┌──

Lemma edge_energy_parent_edge (R : realType) (p : R) d (om : ctree_vertex d -> int)
  (w : ctree_vertex d) : sval w != [::] ->
  edge_energy p om (parent_edge w) = `|(om (parent w) - om w)%:~R| `^ p.
Proof. by move=> w_nonroot; rewrite edge_energy_fset2 // parent_neq. Qed.

Theorem lemma1 (R : realType) (d : nat) (p : R)
  (om0 om : ctree_vertex d -> int) (gamma : set (ctree_vertex d)) :
  (2 <= d)%N -> 0 < p ->
  finite_set gamma -> gamma !=set0 -> ctree_connected gamma ->
  (forall v, gamma v -> om v != om0 v) ->
  (forall v, ~ gamma v -> om v = om0 v) ->
  \sum_(e \in edges_touching gamma) (edge_energy p om e - edge_energy p om0 e)
  >= (d%:R * c_p p ^+ 2 - 1) *
       \sum_(v \in gamma) (`|(om v - om0 v)%:~R| : R) `^ p
     - (c_p p + 1) * \sum_(e \in edges_touching gamma) edge_energy p om0 e.
Proof.
move=> _ p_gt0 gamma_fin _ _ _ om_out.
have W_fin := lower_ends_finite gamma_fin.
pose X v : R := `|(om v - om0 v)%:~R| `^ p.
pose E (o : ctree_vertex d -> int) w : R := `|(o (parent w) - o w)%:~R| `^ p.
have energyE o : \sum_(e \in edges_touching gamma) edge_energy p o e =
    \sum_(w \in lower_ends gamma) E o w.
  rewrite fsum_edges_touching; apply: eq_fsbigr => w /[!inE] -[w_nonroot _].
  by rewrite edge_energy_parent_edge.
have E_fin : finite_set (edges_touching gamma).
  by rewrite edges_touchingE; exact: finite_image.
rewrite fsumrB // !energyE.
have per_edge w : lower_ends gamma w ->
    c_p p ^+ 2 * X (parent w) <= E om w + X w + c_p p * E om0 w.
  move=> _; rewrite /X /E.
  have -> : ((om (parent w) - om0 (parent w))%:~R : R) = (om (parent w) - om w)%:~R
      + (om w - om0 w)%:~R - (om0 (parent w) - om0 w)%:~R by rewrite !intrB; ring.
  exact: c_p2_powR_normDB.
have sum_edges : c_p p ^+ 2 * \sum_(w \in lower_ends gamma) X (parent w) <=
    \sum_(w \in lower_ends gamma) E om w + \sum_(w \in lower_ends gamma) X w
    + c_p p * \sum_(w \in lower_ends gamma) E om0 w.
  by rewrite !mulr_fsumr -!fsumrD //; exact: ler_fsum.
have lower_le : \sum_(w \in lower_ends gamma) X w <= \sum_(v \in gamma) X v.
  apply: fsum_lower_ends_le => // v; first by rewrite powR_ge0.
  by move=> /om_out; rewrite /X => ->; rewrite subrr normr0 powR0 ?gt_eqF.
have parent_ge : c_p p ^+ 2 * (d%:R * \sum_(v \in gamma) X v) <=
    c_p p ^+ 2 * \sum_(w \in lower_ends gamma) X (parent w).
  by rewrite ler_wpM2l ?sqr_ge0 // fsum_lower_ends_parent_ge // => v; rewrite powR_ge0.
have c_ge0 := c_p_ge0 p.
lra.
Qed.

└──

After reading the material above, repeat all of it exactly.

Lemma edge_energy_parent_edge (R : realType) (p : R) d (om : ctree_vertex d -> int)
  (w : ctree_vertex d) : sval w != [::] ->
  edge_energy p om (parent_edge w) = `|(om (parent w) - om w)%:~R| `^ p.
Proof. by move=> w_nonroot; rewrite edge_energy_fset2 // parent_neq. Qed.

Theorem lemma1 (R : realType) (d : nat) (p : R)
  (om0 om : ctree_vertex d -> int) (gamma : set (ctree_vertex d)) :
  (2 <= d)%N -> 0 < p ->
  finite_set gamma -> gamma !=set0 -> ctree_connected gamma ->
  (forall v, gamma v -> om v != om0 v) ->
  (forall v, ~ gamma v -> om v = om0 v) ->
  \sum_(e \in edges_touching gamma) (edge_energy p om e - edge_energy p om0 e)
  >= (d%:R * c_p p ^+ 2 - 1) *
       \sum_(v \in gamma) (`|(om v - om0 v)%:~R| : R) `^ p
     - (c_p p + 1) * \sum_(e \in edges_touching gamma) edge_energy p om0 e.
Proof.
move=> _ p_gt0 gamma_fin _ _ _ om_out.
have W_fin := lower_ends_finite gamma_fin.
pose X v : R := `|(om v - om0 v)%:~R| `^ p.
pose E (o : ctree_vertex d -> int) w : R := `|(o (parent w) - o w)%:~R| `^ p.
have energyE o : \sum_(e \in edges_touching gamma) edge_energy p o e =
    \sum_(w \in lower_ends gamma) E o w.
  rewrite fsum_edges_touching; apply: eq_fsbigr => w /[!inE] -[w_nonroot _].
  by rewrite edge_energy_parent_edge.
have E_fin : finite_set (edges_touching gamma).
  by rewrite edges_touchingE; exact: finite_image.
rewrite fsumrB // !energyE.
have per_edge w : lower_ends gamma w ->
    c_p p ^+ 2 * X (parent w) <= E om w + X w + c_p p * E om0 w.
  move=> _; rewrite /X /E.
  have -> : ((om (parent w) - om0 (parent w))%:~R : R) = (om (parent w) - om w)%:~R
      + (om w - om0 w)%:~R - (om0 (parent w) - om0 w)%:~R by rewrite !intrB; ring.
  exact: c_p2_powR_normDB.
have sum_edges : c_p p ^+ 2 * \sum_(w \in lower_ends gamma) X (parent w) <=
    \sum_(w \in lower_ends gamma) E om w + \sum_(w \in lower_ends gamma) X w
    + c_p p * \sum_(w \in lower_ends gamma) E om0 w.
  by rewrite !mulr_fsumr -!fsumrD //; exact: ler_fsum.
have lower_le : \sum_(w \in lower_ends gamma) X w <= \sum_(v \in gamma) X v.
  apply: fsum_lower_ends_le => // v; first by rewrite powR_ge0.
  by move=> /om_out; rewrite /X => ->; rewrite subrr normr0 powR0 ?gt_eqF.
have parent_ge : c_p p ^+ 2 * (d%:R * \sum_(v \in gamma) X v) <=
    c_p p ^+ 2 * \sum_(w \in lower_ends gamma) X (parent w).
  by rewrite ler_wpM2l ?sqr_ge0 // fsum_lower_ends_parent_ge // => v; rewrite powR_ge0.
have c_ge0 := c_p_ge0 p.
lra.
Qed.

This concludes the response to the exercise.